According to The Centre for Social Justice, there are too few alternatives into employment through education, and the bottom 20% of the UK’s workforce potential is wasted by businesses, which may be one of the reasons for the UK’s ‘sluggish’ growth in productivity.
These revelations come from a report called Productivity: The Great British Breakthrough, which is backed by Iain Duncan Smith (former Work and Pensions Minister), who founded the CSJ think tank back in 2004.
The report itself suggests that a lack of investment in ‘neglected’ vocational training schools may have prevented people from disadvantaged backgrounds from, “making the most of their natural abilities”.
The report also states that, “The education system is failing a majority of disadvantaged students, many of whom are not reaching the basic level of attainment at GCSE level, and… there are too few alternative routes through education and into employment for school leavers today.”
In the conclusion of their findings, which can be read here, the CSJ state that wage stagnation at the bottom of the income scale has created long-term decline in productivity amongst disadvantaged workers. And that the effects of globalisation, technology and a poor education system have conspired to create, “classes of winners and losers”. With the ‘winners’ being well educated and working in high-value industries like finance or real estate, and the ‘losers’ on low wages, working low skilled jobs with little hope of progression.
Whilst globalisation and technology are fundamentally forces for good, the report states that, “UK public policy has been slow to react” and adapt, creating imbalances that are felt hardest by the lower wage earners.
Regarding the problem of education, there is a growing skills gap in the UK, exacerbated by the education system’s inability to produce people with appropriate skills – especially in more technology based fields. Instead, many secondary school leavers are herded into university degrees which can promise neither a good job nor a decent wage at the end of it, and instead deliver a practically insurmountable debt for most.
As such, the CSJ suggest that the UK government and its investments focus on readdressing the imbalance between university and technical education. This is good news for businesses too, as the same survey found that companies found better value in apprentices as opposed to university graduates.
Finally, the report suggests, we need to be improving the current workforce we have through continuous education; the UK itself spends the least amount of time on professional development courses compared to all other EU nations.
So whilst the government has a part to play, businesses themselves need to be investing on creating better employees rather than simply relying on someone else to do the job. By encouraging employees to develop new skills and improve and adapt upon their current skills, we can not only help ourselves, but help the economy too.
Economist Gerard Lyons, who advised Boris Johnson as the Mayor of London, told the BBC’s Today programme, “In the UK we’ve got a great position on employment, it’s high, unemployment is very low, but what we need to do is get the productivity side up.
“What this report really highlights is companies don’t invest enough, we’re not innovating enough. It also highlights a big regional divide.
“It also calls for inclusive productivity growth, so all the people even at low incomes can really benefit.”
Professor Alison Wolf, of Kings College London said: “The authors are absolutely right to highlight the country’s shameful neglect of vocational education, and the extent to which businesses have, in recent decades, walked away from training their workers.

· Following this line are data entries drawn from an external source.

(* For $\mathbf v\in\mathbb{R}^\infty$, let $h_{\mathbf v}(x)$ be the generating function of $\mathbb{F}^{\rm S}\mathbf v$ and $h_{-\mathbf v}(x)$ the generating function of $\mathbb{L}^{\rm S}\mathbf v$, where $\mathbb{F}^{\rm S}=(1,x(1+x))$ and $\mathbb{L}^{\rm S}=(1+2x,x(1+x))$. Let $C(x)=\frac{1-\sqrt{1-4x}}{2x}$ and $M(x)=\frac{1-x-\sqrt{(1-x)^2-4x^2}}{2x^2}$. Then: (a) $h_{\mathbf v}(xC(x))=\frac{1}{1+2xC(x)}\,h_{-\mathbf v}(xC(x))$; (b) $h_{-\mathbf v}\!\left(x+\frac{x^2}{1-x}M\!\left(\frac{x}{1-x}\right)\right)=\left(1+2x+\frac{2x^2}{1-x}M\!\left(\frac{x}{1-x}\right)\right)h_{\mathbf v}\!\left(x+\frac{x^2}{1-x}M\!\left(\frac{x}{1-x}\right)\right)$.
   Context: $\mathbb{R}^\infty$ is the space of real column vectors, identified with their generating functions. For formal power series $g(x)$ and $f(x)$ with $f(0)=0$, $(g(x),f(x))$ denotes the infinite lower triangular matrix whose $j$-th column has generating function $g(x)f(x)^j$; it maps a vector with generating function $U(x)$ to one with generating function $g(x)U(f(x))$. *)

From mathcomp Require Import all_boot all_order all_algebra.
Set Implicit Arguments. Unset Strict Implicit. Unset Printing Implicit Defensive.
Import Order.TTheory GRing.Theory Num.Theory.
Local Open Scope ring_scope.

Section FPS.
Variable R : fieldType.

(* a formal power series = its coefficient sequence; also a vector of R^oo
   identified with its generating function *)
Definition fps := nat -> R.

Definition fps_const (c : R) : fps := fun n => if n == 0%N then c else 0.
Definition fps_X : fps := fun n => if n == 1%N then 1 else 0.
Definition fps_add (f g : fps) : fps := fun n => f n + g n.
Definition fps_opp (f : fps) : fps := fun n => - f n.
Definition fps_scale (c : R) (f : fps) : fps := fun n => c * f n.
Definition fps_mul (f g : fps) : fps :=
  fun n => \sum_(i < n.+1) f i * g (n - i)%N.
Definition fps_pow (f : fps) (k : nat) : fps := iter k (fps_mul f) (fps_const 1).
(* composition g(f(x)); meaningful when f 0 = 0 (then f^k has order >= k) *)
Definition fps_comp (g f : fps) : fps :=
  fun n => \sum_(k < n.+1) g k * fps_pow f k n.
Definition fps_divX (f : fps) : fps := fun n => f n.+1.

(* multiplicative inverse of a series with invertible constant term *)
Fixpoint inv_coefs (f : fps) (n : nat) : seq R :=
  match n with
  | 0 => [:: (f 0%N)^-1]
  | m.+1 => let s := inv_coefs f m in
      rcons s (- (f 0%N)^-1 * \sum_(k < m.+1) f k.+1 * nth 0 s (m - k)%N)
  end.
Definition fps_inv (f : fps) : fps := fun n => nth 0 (inv_coefs f n) n.

(* formal binomial series (1+u)^(1/2) = sum_n binom(1/2,n) u^n *)
Definition sqrt1p_series : fps :=
  fun n => (\prod_(i < n) (2^-1 - i%:R)) / (n`!)%:R.
(* formal square root of a series with constant term 1 *)
Definition fps_sqrt (f : fps) : fps :=
  fps_comp sqrt1p_series (fps_add f (fps_opp (fps_const 1))).

(* C(x) = (1 - sqrt(1-4x)) / (2x) *)
Definition catalanC : fps :=
  fps_scale 2^-1 (fps_divX (fps_add (fps_const 1)
     (fps_opp (fps_sqrt (fps_add (fps_const 1) (fps_scale (-4) fps_X)))))).

(* M(x) = (1 - x - sqrt((1-x)^2 - 4x^2)) / (2x^2) *)
Definition motzkinM : fps :=
  let omx := fps_add (fps_const 1) (fps_opp fps_X) in
  fps_scale 2^-1 (fps_divX (fps_divX (fps_add omx
     (fps_opp (fps_sqrt (fps_add (fps_pow omx 2)
                                  (fps_scale (-4) (fps_pow fps_X 2)))))))).

(* Riordan array (g, f) acting on a vector with generating function U:
   the result has generating function g(x) U(f(x)). *)
Definition riordan_apply (g f U : fps) : fps := fps_mul g (fps_comp U f).

Definition xx1 : fps := fps_mul fps_X (fps_add (fps_const 1) fps_X).
Definition FS_apply (v : fps) : fps := riordan_apply (fps_const 1) xx1 v.
Definition LS_apply (v : fps) : fps :=
  riordan_apply (fps_add (fps_const 1) (fps_scale 2 fps_X)) xx1 v.

Definition h_pos (v : fps) : fps := FS_apply v.
Definition h_neg (v : fps) : fps := LS_apply v.

End FPS.

From mathcomp Require Import all_boot all_order all_algebra.
From mathcomp Require Import zify.
From Stdlib Require Import FunctionalExtensionality.
Import GRing.Theory Num.Theory.
Local Open Scope ring_scope.

(* As Riordan arrays, L^S = (1+2x, x(1+x)) is F^S = (1, x(1+x)) multiplied on
   the left by 1+2x, so h_{-v} = (1+2x) h_v.  Substituting any series y with
   y(0) = 0 gives h_{-v}(y) = (1+2y) h_v(y); (a) is the case y = xC(x) after
   inverting 1+2y, and (b) the case y = x + x^2/(1-x) M(x/(1-x)).  Of C and M
   only the vanishing constant term of y is used. *)

Section FormalPowerSeries.
Variable R : fieldType.
Implicit Types (a b c f g h y : fps R).

Lemma fps_ext a b : (forall n, a n = b n) -> a = b.
Proof. exact: functional_extensionality. Qed.

(* The n-th coefficient of a product only sees the factors' truncations at
   degree n, so the ring laws of fps_mul are inherited from {poly R}. *)
Definition fps_trunc n a : {poly R} := \poly_(i < n.+1) a i.

Lemma coef_fps_trunc n a j : (j <= n)%N -> (fps_trunc n a)`_j = a j.
Proof. by move=> le_jn; rewrite coef_poly ltnS le_jn. Qed.

Lemma fps_mul_coef_poly a b (p q : {poly R}) n :
  (forall j, (j <= n)%N -> a j = p`_j) ->
  (forall j, (j <= n)%N -> b j = q`_j) ->
  fps_mul a b n = (p * q)`_n.
Proof.
move=> eq_ap eq_bq; rewrite coefM; apply: eq_bigr => i _.
by rewrite eq_ap ?eq_bq ?leq_subr // -ltnS.
Qed.

Lemma fps_mul_truncE n a b m :
  (m <= n)%N -> fps_mul a b m = (fps_trunc n a * fps_trunc n b)`_m.
Proof.
move=> le_mn; apply: fps_mul_coef_poly => j le_jm;
  by rewrite coef_fps_trunc // (leq_trans le_jm).
Qed.

Lemma fps_mulA a b c : fps_mul a (fps_mul b c) = fps_mul (fps_mul a b) c.
Proof.
apply: fps_ext => n; set t := fps_trunc n.
have coef_t d j : (j <= n)%N -> d j = (t d)`_j by move=> ?; rewrite coef_fps_trunc.
transitivity ((t a * t b * t c)`_n).
  by rewrite -mulrA; apply: fps_mul_coef_poly => j ?; [exact: coef_t|exact: fps_mul_truncE].
by symmetry; apply: fps_mul_coef_poly => j ?; [exact: fps_mul_truncE|exact: coef_t].
Qed.

Lemma fps_mulC a b : fps_mul a b = fps_mul b a.
Proof. by apply: fps_ext => n; rewrite !(@fps_mul_truncE n) // mulrC. Qed.

Lemma fps_mulDl a b c :
  fps_mul (fps_add a b) c = fps_add (fps_mul a c) (fps_mul b c).
Proof.
apply: fps_ext => n; rewrite /fps_mul /fps_add -big_split.
by apply: eq_bigr => i _; rewrite mulrDl.
Qed.

Lemma fps_mulZl k a b : fps_mul (fps_scale k a) b = fps_scale k (fps_mul a b).
Proof.
apply: fps_ext => n; rewrite /fps_mul /fps_scale mulr_sumr.
by apply: eq_bigr => i _; rewrite mulrA.
Qed.

Lemma fps_mul1l a : fps_mul (fps_const 1) a = a.
Proof.
apply: fps_ext => n; rewrite /fps_mul big_ord_recl big1 => [|i _].
  by rewrite /fps_const /= mul1r subn0 addr0.
by rewrite /fps_const /= mul0r.
Qed.

Lemma fps_mul_coef0 a b : fps_mul a b 0%N = a 0%N * b 0%N.
Proof. by rewrite /fps_mul big_ord1. Qed.

Lemma fps_mulX_coefS a k : fps_mul (fps_X R) a k.+1 = a k.
Proof.
rewrite /fps_mul !big_ord_recl big1 => [|i _]; last by rewrite /fps_X /= mul0r.
by rewrite /fps_X /= mul0r mul1r add0r addr0 subSS subn0.
Qed.

Lemma fps_compD a b f :
  fps_comp (fps_add a b) f = fps_add (fps_comp a f) (fps_comp b f).
Proof.
apply: fps_ext => n; rewrite /fps_comp /fps_add -big_split.
by apply: eq_bigr => i _; rewrite mulrDl.
Qed.

Lemma fps_compZ k a f : fps_comp (fps_scale k a) f = fps_scale k (fps_comp a f).
Proof.
apply: fps_ext => n; rewrite /fps_comp /fps_scale mulr_sumr.
by apply: eq_bigr => i _; rewrite mulrA.
Qed.

Section Substitution.
Variable f : fps R.
Hypothesis f0 : f 0%N = 0.

Lemma fps_pow_coef_lt k m : (m < k)%N -> fps_pow f k m = 0.
Proof.
elim: k m => [//|k IHk] m lt_mk.
rewrite /fps_pow iterS -/(fps_pow f k) /fps_mul big1 // => i _.
have [->|i_gt0] := posnP i; first by rewrite f0 mul0r.
by rewrite IHk ?mulr0 //; have := ltn_ord i; lia.
Qed.

Lemma fps_comp_widen g n N : (n < N)%N ->
  fps_comp g f n = \sum_(k < N) g k * fps_pow f k n.
Proof.
move=> lt_nN; rewrite /fps_comp (big_ord_widen N (fun k => g k * fps_pow f k n)) //.
rewrite big_mkcond; apply: eq_bigr => k _.
by case: ifPn => //; rewrite -leqNgt => lt_nk; rewrite fps_pow_coef_lt ?mulr0.
Qed.

Lemma fps_comp_mulX h : fps_comp (fps_mul (fps_X R) h) f = fps_mul f (fps_comp h f).
Proof.
apply: fps_ext => n.
have -> : fps_mul f (fps_comp h f) n = \sum_(k < n.+1) h k * fps_pow f k.+1 n.
  rewrite {1}/fps_mul.
  under eq_bigr => i _ do
    rewrite (fps_comp_widen _ (n - i) n.+1) ?mulr_sumr ?ltnS ?leq_subr //.
  rewrite exchange_big; apply: eq_bigr => k _.
  rewrite /fps_pow iterS -/(fps_pow f k) /fps_mul mulr_sumr.
  by apply: eq_bigr => i _; rewrite mulrCA.
rewrite (fps_comp_widen _ n n.+2) // big_ord_recl fps_mul_coef0.
rewrite [fps_X R 0%N]/fps_X /= !mul0r add0r.
by apply: eq_bigr => i _; rewrite fps_mulX_coefS.
Qed.

Lemma fps_comp_mul1DX k h :
  fps_comp (fps_mul (fps_add (fps_const 1) (fps_scale k (fps_X R))) h) f
  = fps_mul (fps_add (fps_const 1) (fps_scale k f)) (fps_comp h f).
Proof.
by rewrite !fps_mulDl !fps_mulZl !fps_mul1l fps_compD fps_compZ fps_comp_mulX.
Qed.

End Substitution.

Lemma size_inv_coefs g n : size (inv_coefs g n) = n.+1.
Proof. by elim: n => //= n IHn; rewrite size_rcons IHn. Qed.

Lemma nth_inv_coefs g i n : (i <= n)%N -> nth 0 (inv_coefs g n) i = fps_inv g i.
Proof.
move=> /subnKC <-; elim: (n - i)%N => [|d IHd]; first by rewrite addn0.
by rewrite addnS /= nth_rcons size_inv_coefs ltnS leq_addr.
Qed.

Lemma fps_inv_coefS g m : fps_inv g m.+1 =
  - (g 0%N)^-1 * \sum_(k < m.+1) g k.+1 * fps_inv g (m - k)%N.
Proof.
rewrite {1}/fps_inv /= nth_rcons size_inv_coefs ltnn eqxx.
by congr (_ * _); apply: eq_bigr => k _; rewrite nth_inv_coefs ?leq_subr.
Qed.

Lemma fps_mulV g : g 0%N != 0 -> fps_mul g (fps_inv g) = fps_const 1.
Proof.
move=> g0_neq0; apply: fps_ext => -[|m]; first by rewrite fps_mul_coef0 mulfV.
rewrite /fps_mul big_ord_recl /= fps_inv_coefS ?subn0.
under eq_bigr => i _ do rewrite /bump /= subSS.
by rewrite mulrA mulrN mulfV // mulN1r addNr.
Qed.

Lemma fps_mulKf g h : g 0%N != 0 -> fps_mul (fps_inv g) (fps_mul g h) = h.
Proof. by move=> g0; rewrite fps_mulA [fps_mul _ g]fps_mulC fps_mulV ?fps_mul1l. Qed.

Lemma riordan_apply_mull a g f U :
  riordan_apply (fps_mul a g) f U = fps_mul a (riordan_apply g f U).
Proof. by rewrite /riordan_apply fps_mulA. Qed.

Lemma h_negE v :
  h_neg v = fps_mul (fps_add (fps_const 1) (fps_scale 2 (fps_X R))) (h_pos v).
Proof.
rewrite /h_neg /h_pos /LS_apply /FS_apply -riordan_apply_mull.
by rewrite [fps_mul _ (fps_const 1)]fps_mulC fps_mul1l.
Qed.

Lemma h_neg_comp v y : y 0%N = 0 ->
  fps_comp (h_neg v) y
  = fps_mul (fps_add (fps_const 1) (fps_scale 2 y)) (fps_comp (h_pos v) y).
Proof. by move=> y0; rewrite h_negE fps_comp_mul1DX. Qed.

End FormalPowerSeries.

Theorem corollary4p6 (R : realFieldType) (v : fps R) :
  (let xC := fps_mul (fps_X R) (catalanC R) in
   fps_comp (h_pos v) xC
   = fps_mul (fps_inv (fps_add (fps_const 1) (fps_scale 2 xC)))
             (fps_comp (h_neg v) xC))
  /\
  (let inv1mx := fps_inv (fps_add (fps_const 1) (fps_opp (fps_X R))) in
   let T := fps_mul (fps_mul (fps_pow (fps_X R) 2) inv1mx)
                    (fps_comp (motzkinM R) (fps_mul (fps_X R) inv1mx)) in
   let y := fps_add (fps_X R) T in
   fps_comp (h_neg v) y
   = fps_mul (fps_add (fps_add (fps_const 1) (fps_scale 2 (fps_X R)))
                      (fps_scale 2 T))
             (fps_comp (h_pos v) y)).
Proof.
split=> [xC | inv1mx T y].
- have xC0 : xC 0%N = 0 by rewrite /xC fps_mul_coef0 mul0r.
  rewrite h_neg_comp // fps_mulKf //.
  by rewrite /fps_add /fps_const /fps_scale /= xC0 mulr0 addr0 oner_neq0.
- have y0 : y 0%N = 0.
    by rewrite /y /T /fps_add !fps_mul_coef0 fps_pow_coef_lt // !mul0r addr0.
  rewrite h_neg_comp //; congr fps_mul; apply: fps_ext => n.
  by rewrite /y /fps_add /fps_scale mulrDr addrA.
Qed.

“Better vocational training is enormously desirable, but it wouldn’t be a magic bullet, any more than our huge expansion in graduate numbers has been.”
Former schools minister Lord Knight also added, “Government needs to do an awful lot better and urgently.”
“Many employers are doing their best. What I don’t see is enough coherence and enough investment from government itself in adult skills generally and in a coherent offer in schools in developing the whole person rather than just the academic person.”
He added: “Young people are forced into a narrower diet in the curriculum at the expense of the more creative, technical and applied parts of the curriculum.
“Design and technology which is a really important skill for economy has had a 43% fall in those taking it to GCSE in last six years.”
So: invest in education. Continuously.